Essentially, all the laws which previously protected data and information on the internet still apply to AI applications even if providers are not building with that in mind. This opens up those providers to heavy risk, because if the data does leak they will be held liable. Some of them cover their bases with interesting Ts&Cs. Others are looking at enterprise only, and still others are building new solutions. One of the interesting things to watch as we go through this series is the impact of the open source community. The internet is a different shape now to the dot com bubble, and whilst many people are drawing very accurate parallels (go find your own sources) there is a chance this will balance out in new and interesting ways.

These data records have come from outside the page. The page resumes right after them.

(* Let $q\in\mathbb{C}\setminus\{0,1\}$ with a fixed square root $q^{1/2}$, and let $r\in\mathbb{C}$. For all integers $m,n\ge 0$, $$D_{q,x}\,H_{m,n}(x,y;q,r)=\frac{2q^{-\frac{m-1}{2}}(1-q^m)}{1-q}\,H_{m-1,n}(x,y;q,q^{1/2}r),\qquad D_{q,y}\,H_{m,n}(x,y;q,r)=\frac{2q^{-\frac{n-1}{2}}(1-q^n)}{1-q}\,H_{m,n-1}(x,y;q,q^{1/2}r),$$ with the convention $H_{-1,n}=H_{m,-1}=0$.
   Context: The continuous $q$-Hermite polynomials $H_n(x;q)\in\mathbb{C}[x]$ are defined by $H_{-1}=0$, $H_0=1$, $H_{n+1}(x;q)=2xH_n(x;q)-(1-q^n)H_{n-1}(x;q)$. The bivariate continuous $q$-Hermite polynomials $H_{m,n}(x,y;q,r)\in\mathbb{C}[x,y]$ are defined by $H_{-1,n}=H_{m,-1}=0$, $H_{0,n}(x,y;q,r)=H_n(y;q)$ and, for $m,n\ge 0$, $H_{m+1,n}=2xH_{m,n}-(1-q^m)H_{m-1,n}-q^m(1-q^n)rH_{m,n-1}$ (all evaluated at $(x,y;q,r)$). The Askey–Wilson type operator $D_q$ on polynomials $f(x)$ is defined by writing $x=\tfrac12(z+z^{-1})$ and setting $$D_qf(x)=\frac{f\big(\tfrac12(q^{1/2}z+q^{-1/2}z^{-1})\big)-f\big(\tfrac12(q^{-1/2}z+q^{1/2}z^{-1})\big)}{\tfrac12(q^{1/2}-q^{-1/2})(z-z^{-1})},$$ which is again a polynomial in $x$; $D_{q,x}$ and $D_{q,y}$ denote this operator acting in the variable $x$, resp. $y$, of a bivariate polynomial. *)

From HB Require Import structures.
From mathcomp Require Import all_boot all_order all_algebra.
From mathcomp Require Export complex.
Set Implicit Arguments. Unset Strict Implicit. Unset Printing Implicit Defensive.
Import Order.TTheory GRing.Theory Num.Theory.
Local Open Scope ring_scope.

Fixpoint Hq (F : fieldType) (q x : F) (n : nat) : F :=
  match n with
  | 0 => 1
  | n'.+1 =>
      match n' with
      | 0 => 2 * x
      | n''.+1 => 2 * x * Hq q x n' - (1 - q ^+ n') * Hq q x n''
      end
  end.

Fixpoint Hb (F : fieldType) (x y q r : F) (m n : nat) : F :=
  match m with
  | 0 => Hq q y n
  | m'.+1 =>
      2 * x * Hb x y q r m' n
      - (1 - q ^+ m') * (match m' with 0 => 0 | m''.+1 => Hb x y q r m'' n end)
      - q ^+ m' * (1 - q ^+ n) * r * (match n with 0 => 0 | n'.+1 => Hb x y q r m' n' end)
  end.

Definition Hb_mpred (F : fieldType) (x y q r : F) (m n : nat) : F :=
  match m with 0 => 0 | m'.+1 => Hb x y q r m' n end.

Definition Hb_npred (F : fieldType) (x y q r : F) (m n : nat) : F :=
  match n with 0 => 0 | n'.+1 => Hb x y q r m n' end.

Definition jk (F : fieldType) (z : F) : F := (z + z^-1) / 2.

(* Askey-Wilson type operator D_q applied to f, at the point x = (z + z^{-1})/2,
   where s = q^{1/2} is the fixed square root of q. *)
Definition Dq (F : fieldType) (s : F) (f : F -> F) (z : F) : F :=
  (f ((s * z + s^-1 * z^-1) / 2) - f ((s^-1 * z + s * z^-1) / 2))
  / ((s - s^-1) * (z - z^-1) / 2).

(* Expanding in the products H_{m-k}(x) H_{n-k}(y) gives
     H_{m,n}(x,y;q,r) = sum_k [m k]_q [n k]_q (q;q)_k (-r)^k q^(k(k-1)/2) H_{m-k}(x) H_{n-k}(y),
   which is checked against the defining recurrence in m using the q-Pascal rule and
   the absorption identities of the Gaussian binomials.  The expansion is symmetric
   under (x,m) <-> (y,n), so only D_{q,x} has to be computed.  Writing s = q^(1/2) and
   J(z) = (z + z^-1)/2, the univariate polynomials satisfy
     H_j(J(sz)) - H_j(J(z/s)) = (s^j - s^-j) (z - z^-1) H_{j-1}(J(z)),
   and absorption turns the factor s^(m-k) - s^(k-m) of the k-th term into
   (s^m - s^-m) s^k; the s^k is absorbed by replacing r with s r. *)

From HB Require Import structures.
From mathcomp Require Import all_boot all_order all_algebra.
From mathcomp Require Import complex.
From mathcomp Require Import ring zify.
Set Implicit Arguments.
Unset Strict Implicit.
Unset Printing Implicit Defensive.
Import Order.TTheory GRing.Theory Num.Theory.
Local Open Scope ring_scope.

(* [ring] cannot use hypotheses: this reduces a goal [a = b] under [c = d] to the
   polynomial identity [a - b = k * (c - d)]. *)
Lemma eq_from_combination (R : comPzRingType) (a b c d k : R) :
  c = d -> a - b = k * (c - d) -> a = b.
Proof. by move=> -> /eqP; rewrite subrr mulr0 subr_eq0 => /eqP. Qed.

Section QBinomial.
Variables (R : comPzRingType) (q : R).

Fixpoint qbinom (m k : nat) : R :=
  match m, k with
  | _, 0 => 1
  | 0, _.+1 => 0
  | m'.+1, k'.+1 => qbinom m' k'.+1 + q ^+ (m' - k') * qbinom m' k'
  end.

Lemma qbinom0 m : qbinom m 0 = 1. Proof. by case: m. Qed.

Lemma qbinomSS m k : qbinom m.+1 k.+1 = qbinom m k.+1 + q ^+ (m - k) * qbinom m k.
Proof. by []. Qed.

Lemma qbinom_small m k : (m < k)%N -> qbinom m k = 0.
Proof. by elim: m k => [|m IH] [|k] //= ltmk; rewrite !IH ?mulr0 ?addr0 //; lia. Qed.

Lemma qbinom_ratio m k :
  (1 - q ^+ k.+1) * qbinom m k.+1 = (1 - q ^+ (m - k)) * qbinom m k.
Proof.
elim: m k => [|m IH] k; first by rewrite sub0n subrr mul0r /= mulr0.
have [ltmk | lekm] := ltnP m k.
  rewrite (@qbinom_small m.+1 k.+1) ?mulr0 // (_ : (m.+1 - k = 0)%N); last lia.
  by rewrite expr0 subrr mul0r.
case: k lekm => [_ | k lekm].
  by rewrite qbinomSS mulrDr IH !qbinom0 subn0 !exprS; ring.
rewrite qbinomSS mulrDr IH [in RHS]qbinomSS mulrDr [in RHS]mulrCA -(IH k) subSS.
rewrite (_ : (m - k = (m - k.+1).+1)%N); last lia.
by rewrite !exprS; ring.
Qed.

Lemma qbinom_absorbl m k :
  (1 - q ^+ k.+1) * qbinom m.+1 k.+1 = (1 - q ^+ m.+1) * qbinom m k.
Proof.
have [ltmk | lekm] := ltnP m k; first by rewrite !qbinom_small ?mulr0.
have [d ->] : exists d, m = (d + k)%N by exists (m - k)%N; lia.
rewrite qbinomSS mulrDr qbinom_ratio (_ : (d + k - k = d)%N); last lia.
by rewrite !(exprS, exprD); ring.
Qed.

Lemma qbinom_absorbr m k :
  (1 - q ^+ (m.+1 - k)) * qbinom m.+1 k = (1 - q ^+ m.+1) * qbinom m k.
Proof.
case: k => [|k]; first by rewrite !qbinom0 subn0.
by rewrite -qbinom_ratio qbinom_absorbl.
Qed.

Fixpoint qpoch (k : nat) : R := if k is k'.+1 then (1 - q ^+ k) * qpoch k' else 1.

Lemma qpochS k : qpoch k.+1 = (1 - q ^+ k.+1) * qpoch k.
Proof. by []. Qed.

Definition hcoef (r : R) (m n k : nat) : R :=
  qbinom m k * qbinom n k * qpoch k * (- r) ^+ k * q ^+ 'C(k, 2).

Lemma hcoef0 r m n : hcoef r m n 0 = 1.
Proof. by rewrite /hcoef !qbinom0 /= !mulr1. Qed.

Lemma hcoef_small r m n k : (m < k)%N -> hcoef r m n k = 0.
Proof. by move=> ltmk; rewrite /hcoef qbinom_small // !mul0r. Qed.

Lemma hcoefC r m n k : hcoef r m n k = hcoef r n m k.
Proof. by rewrite /hcoef [qbinom m k * _]mulrC. Qed.

Lemma hcoefZ a r m n k : hcoef (a * r) m n k = a ^+ k * hcoef r m n k.
Proof. by rewrite /hcoef -mulrN exprMn; ring. Qed.

Lemma hcoef_absorb r m n k :
  (1 - q ^+ (m.+1 - k)) * hcoef r m.+1 n k = (1 - q ^+ m.+1) * hcoef r m n k.
Proof. by rewrite /hcoef !mulrA qbinom_absorbr. Qed.

Lemma hcoefSS r m n k :
  hcoef r m.+1 n k.+1 = hcoef r m n k.+1 - q ^+ m * (1 - q ^+ n) * r * hcoef r m n.-1 k.
Proof.
case: n => [|n]; first by rewrite /hcoef /= expr0 subrr !(mulr0, mul0r, subr0).
have [ltmk | lekm] := ltnP m k.
  by rewrite /hcoef qbinomSS [qbinom m k]qbinom_small // !(mulr0, mul0r, addr0, subr0).
rewrite /hcoef qbinomSS qpochS binS bin1 exprD.
rewrite (_ : m = (m - k) + k)%N; last lia.
apply: (eq_from_combination (k :=
  - r * q ^+ (m - k + k) * qbinom (m - k + k) k * qpoch k * (- r) ^+ k * q ^+ 'C(k, 2))
  (qbinom_absorbl n k)).
by rewrite addnK !(exprS, exprD); ring.
Qed.

End QBinomial.

Section ExplicitFormula.
Variables (F : fieldType) (q : F).

Lemma HqS x j : Hq q x j.+1 = 2 * x * Hq q x j - (1 - q ^+ j) * Hq q x j.-1.
Proof. by case: j => [|j] //=; rewrite expr0 subrr mul0r subr0 mulr1. Qed.

Definition Hterm x y r m n k := hcoef q r m n k * Hq q x (m - k) * Hq q y (n - k).

Definition Hsum x y r m n := \sum_(k < m.+1) Hterm x y r m n k.

Lemma Hsum_widen x y r m n N :
  (m <= N)%N -> Hsum x y r m n = \sum_(k < N.+1) Hterm x y r m n k.
Proof.
move=> lemN; rewrite /Hsum (big_ord_widen N.+1) ?ltnS // big_mkcond.
apply: eq_bigr => k _; case: ltnP => // ltmk.
by rewrite /Hterm hcoef_small ?mul0r.
Qed.

Lemma HsumC x y r m n : Hsum x y r m n = Hsum y x r n m.
Proof.
rewrite (@Hsum_widen _ _ _ _ _ (m + n)) ?leq_addr //.
rewrite (@Hsum_widen _ _ _ _ _ (m + n)) ?leq_addl //.
by apply: eq_bigr => k _; rewrite /Hterm hcoefC mulrAC.
Qed.

Lemma Hsum_absorb x y r m n :
  \sum_(k < m.+1) hcoef q r m n k * ((1 - q ^+ (m - k)) * Hq q x (m - k).-1) * Hq q y (n - k)
  = (1 - q ^+ m) * Hsum x y r m.-1 n.
Proof.
case: m => [|m]; first by rewrite big_ord1 expr0 subrr !(mul0r, mulr0).
rewrite /Hsum mulr_sumr big_ord_recr /= subnn expr0 subrr !(mul0r, mulr0) addr0.
apply: eq_bigr => k _.
rewrite /Hterm mulrCA [_ * (hcoef _ _ _ _ _ * _)]mulrA hcoef_absorb -!mulrA.
by rewrite (_ : ((m.+1 - k).-1 = m - k)%N) //; case: k => k /= ltkm; lia.
Qed.

Lemma Hsum_pascal x y r m n :
  Hsum x y r m.+1 n = \sum_(k < m.+1) hcoef q r m n k * Hq q x (m - k).+1 * Hq q y (n - k)
                     - q ^+ m * (1 - q ^+ n) * r * Hsum x y r m n.-1.
Proof.
rewrite /Hsum big_ord_recl.
under eq_bigr => k _ do rewrite /Hterm lift0 hcoefSS subSS !mulrBl.
rewrite big_split sumrN addrA mulr_sumr.
congr (_ - _); last first.
  by apply: eq_bigr => k _; rewrite /Hterm !mulrA (_ : (n - k.+1 = n.-1 - k)%N) //; lia.
transitivity (\sum_(k < m.+2) hcoef q r m n k * Hq q x (m.+1 - k) * Hq q y (n - k)).
  by rewrite [RHS]big_ord_recl /Hterm !hcoef0.
rewrite big_ord_recr /= hcoef_small // !mul0r addr0.
by apply: eq_bigr => k _; rewrite subSn // -ltnS.
Qed.

Lemma HsumS x y r m n :
  Hsum x y r m.+1 n = 2 * x * Hsum x y r m n - (1 - q ^+ m) * Hsum x y r m.-1 n
                      - q ^+ m * (1 - q ^+ n) * r * Hsum x y r m n.-1.
Proof.
rewrite Hsum_pascal -Hsum_absorb; congr (_ - _).
rewrite /Hsum mulr_sumr -sumrB; apply: eq_bigr => k _.
by rewrite HqS /Hterm; ring.
Qed.

Lemma Hb_sum x y r m n : Hb x y q r m n = Hsum x y r m n.
Proof.
elim/ltn_ind: m n => -[|m] IH n.
  by rewrite /Hsum big_ord1 /Hterm hcoef0 !subn0 /= !mul1r.
rewrite HsumS -IH //=; congr (_ - _ - _).
  by case: m IH => [|m] IH; rewrite ?expr0 ?subrr ?mul0r // -IH.
by case: n => [|n]; rewrite ?expr0 ?subrr ?(mulr0, mul0r) // -IH.
Qed.

Lemma HbC x y r m n : Hb x y q r m n = Hb y x q r n m.
Proof. by rewrite !Hb_sum HsumC. Qed.

End ExplicitFormula.

Section AskeyWilson.
Variables (F : fieldType) (q s : F).
Hypotheses (s2 : s ^+ 2 = q) (s_neq0 : s != 0) (two_neq0 : (2 : F) != 0).

Local Notation h j z := (Hq q (jk z) j).

Lemma exprq j : q ^+ j = s ^+ j * s ^+ j.
Proof. by rewrite -s2 -exprM mul2n -addnn exprD. Qed.

Lemma mul2jk (z : F) : 2 * jk z = z + z^-1.
Proof. by rewrite /jk mulrC divfK. Qed.

Lemma Hq_jkSS j z : h j.+2 z = (z + z^-1) * h j.+1 z - (1 - q ^+ j.+1) * h j z.
Proof. by rewrite -mul2jk. Qed.

Lemma mulsK (z : F) : s * (z / s) = z. Proof. by rewrite mulrCA divff ?mulr1. Qed.
Lemma mulKs (z : F) : s * z / s = z. Proof. by rewrite mulrAC divff ?mul1r. Qed.

Lemma Hq_jkS j z : z != 0 ->
  h j.+1 z = z * s ^+ j * h j (z / s) + z^-1 * h j z /\
  h j.+1 z = z^-1 * s ^+ j * h j (s * z) + z * h j z.
Proof.
elim: j z => [|j IH] z z_neq0.
  by rewrite /= mulr1 mul2jk !expr0 !mulr1; split; ring.
have zs_neq0 : z / s != 0 by rewrite mulf_neq0 ?invr_eq0.
have sz_neq0 : s * z != 0 by rewrite mulf_neq0.
have [IHl IHr] := IH z z_neq0.
have [_ IHzs] := IH _ zs_neq0; have [IHsz _] := IH _ sz_neq0.
rewrite mulsK in IHzs; rewrite mulKs in IHsz.
rewrite Hq_jkSS exprq !exprS; split.
  by rewrite IHzs IHl; field; rewrite z_neq0 s_neq0.
by rewrite IHsz IHr; field; rewrite z_neq0 s_neq0.
Qed.

Lemma Hq_jk_diff j z : z != 0 ->
  h j (s * z) - h j (z / s) = (s ^+ j - s ^- j) * (z - z^-1) * h j.-1 z.
Proof.
move=> z_neq0; case: j => [|j]; first by rewrite expr0 invr1 !subrr !mul0r.
have zs_neq0 : z / s != 0 by rewrite mulf_neq0 ?invr_eq0.
have sz_neq0 : s * z != 0 by rewrite mulf_neq0.
have [Hl Hr] := Hq_jkS j z_neq0.
have [_ Hzs] := Hq_jkS j zs_neq0; have [Hsz _] := Hq_jkS j sz_neq0.
rewrite mulsK in Hzs; rewrite mulKs in Hsz.
rewrite Hsz Hzs /=.
apply: (eq_from_combination (k := - (s ^+ j.+1)^-1) (etrans (esym Hl) Hr)).
by rewrite !exprS; field; rewrite z_neq0 s_neq0 expf_neq0.
Qed.

Lemma sdiffE a : s ^+ a - s ^- a = - s ^- a * (1 - q ^+ a).
Proof. by rewrite exprq; field; rewrite expf_neq0. Qed.

Lemma sdiff_absorb a b (c1 c0 : F) :
  (1 - q ^+ a) * c1 = (1 - q ^+ (a + b)) * c0 ->
  (s ^+ a - s ^- a) * c1 = (s ^+ (a + b) - s ^- (a + b)) * s ^+ b * c0.
Proof.
move=> E; rewrite !sdiffE -[LHS]mulrA E !exprD.
by field; rewrite !expf_neq0.
Qed.

Lemma Hb_jk_diff y r m n z : z != 0 ->
  Hb (jk (s * z)) y q r m n - Hb (jk (z / s)) y q r m n
  = (s ^+ m - s ^- m) * (z - z^-1) * Hb_mpred (jk z) y q (s * r) m n.
Proof.
move=> z_neq0; rewrite !Hb_sum /Hsum -sumrB.
case: m => [|m]; first by rewrite big_ord1 /Hterm /= subrr mulr0.
rewrite /= Hb_sum /Hsum mulr_sumr big_ord_recr /= /Hterm subnn /= subrr addr0.
apply: eq_bigr => k _; rewrite -mulrBl -mulrBr Hq_jk_diff // hcoefZ.
have lekm : (k <= m)%N by rewrite -ltnS.
have Habsorb := hcoef_absorb q r m n k.
rewrite (_ : m.+1 - k = (m - k).+1)%N in Habsorb *; last lia.
rewrite (_ : q ^+ m.+1 = q ^+ ((m - k).+1 + k)) in Habsorb; last by congr (_ ^+ _); lia.
rewrite (_ : s ^+ m.+1 = s ^+ ((m - k).+1 + k)); last by congr (_ ^+ _); lia.
apply: (eq_from_combination (k := (z - z^-1) * h (m - k) z * Hq q y (n - k))
          (sdiff_absorb Habsorb)).
by ring.
Qed.

Lemma Dq_Hb y r m n z : q != 1 -> z != 0 -> z ^+ 2 != 1 ->
  Dq s (fun x => Hb x y q r m n) z
  = 2 * s ^ (1 - m%:Z) * (1 - q ^+ m) / (1 - q) * Hb_mpred (jk z) y q (s * r) m n.
Proof.
move=> q_neq1 z_neq0 z2_neq1.
have jk_sz : (s * z + s^-1 * z^-1) / 2 = jk (s * z) by rewrite /jk invfM.
have jk_zs : (s^-1 * z + s * z^-1) / 2 = jk (z / s) by rewrite /jk invfM invrK; congr (_ / _); ring.
have s2_neq1 : 1 - s ^+ 2 != 0 by rewrite s2 subr_eq0 eq_sym.
have ss_neq1 : s * s - 1 != 0 by rewrite -expr2 s2 subr_eq0.
have zz_neq1 : z * z - 1 != 0 by rewrite -expr2 subr_eq0.
rewrite /Dq jk_sz jk_zs Hb_jk_diff // expfzDr // expr1z -exprnN sdiffE -s2.
by field; rewrite s2_neq1 ss_neq1 zz_neq1 expf_neq0 // two_neq0 z_neq0 s_neq0.
Qed.

End AskeyWilson.

Theorem proposition3p5 (R : rcfType) (q s r : R[i])
    (hq0 : q != 0) (hq1 : q != 1) (hs : s ^+ 2 = q) (m n : nat) :
  (forall (y z : R[i]), z != 0 -> z ^+ 2 != 1 ->
     Dq s (fun x => Hb x y q r m n) z
     = 2 * s ^ (1 - m%:Z) * (1 - q ^+ m) / (1 - q)
       * Hb_mpred (jk z) y q (s * r) m n)
  /\
  (forall (x z : R[i]), z != 0 -> z ^+ 2 != 1 ->
     Dq s (fun y => Hb x y q r m n) z
     = 2 * s ^ (1 - n%:Z) * (1 - q ^+ n) / (1 - q)
       * Hb_npred x (jk z) q (s * r) m n).
Proof.
have s_neq0 : s != 0 by apply: contraNneq hq0 => s0; rewrite -hs s0 expr0n.
have two_neq0 : (2 : R[i]) != 0 by rewrite pnatr_eq0.
split=> [y | x] z z_neq0 z2_neq1; first exact: Dq_Hb.
have -> : Dq s (fun y => Hb x y q r m n) z = Dq s (fun y => Hb y x q r n m) z.
  by rewrite /Dq 2!(HbC q x).
rewrite Dq_Hb //; case: n => [|n] //=.
by rewrite (HbC q x).
Qed.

We’ll get more into the risks of the software, and how that plays into the AI literacy aspects of the EU AI act in future posts, but for now, if you have decision making power about AI product use, take into account the security certifications being associated with them. Not every provider is “safe for use” out for the box, and some of the fees you might face for the enterprise grade security are steep. I personally don’t feel OK using “just any” free AI products in my personal capacity or in my professional capacity. The more I can lock it down, the better.

If I can get to a point where I know the AI model is running in South Africa I will be even happier.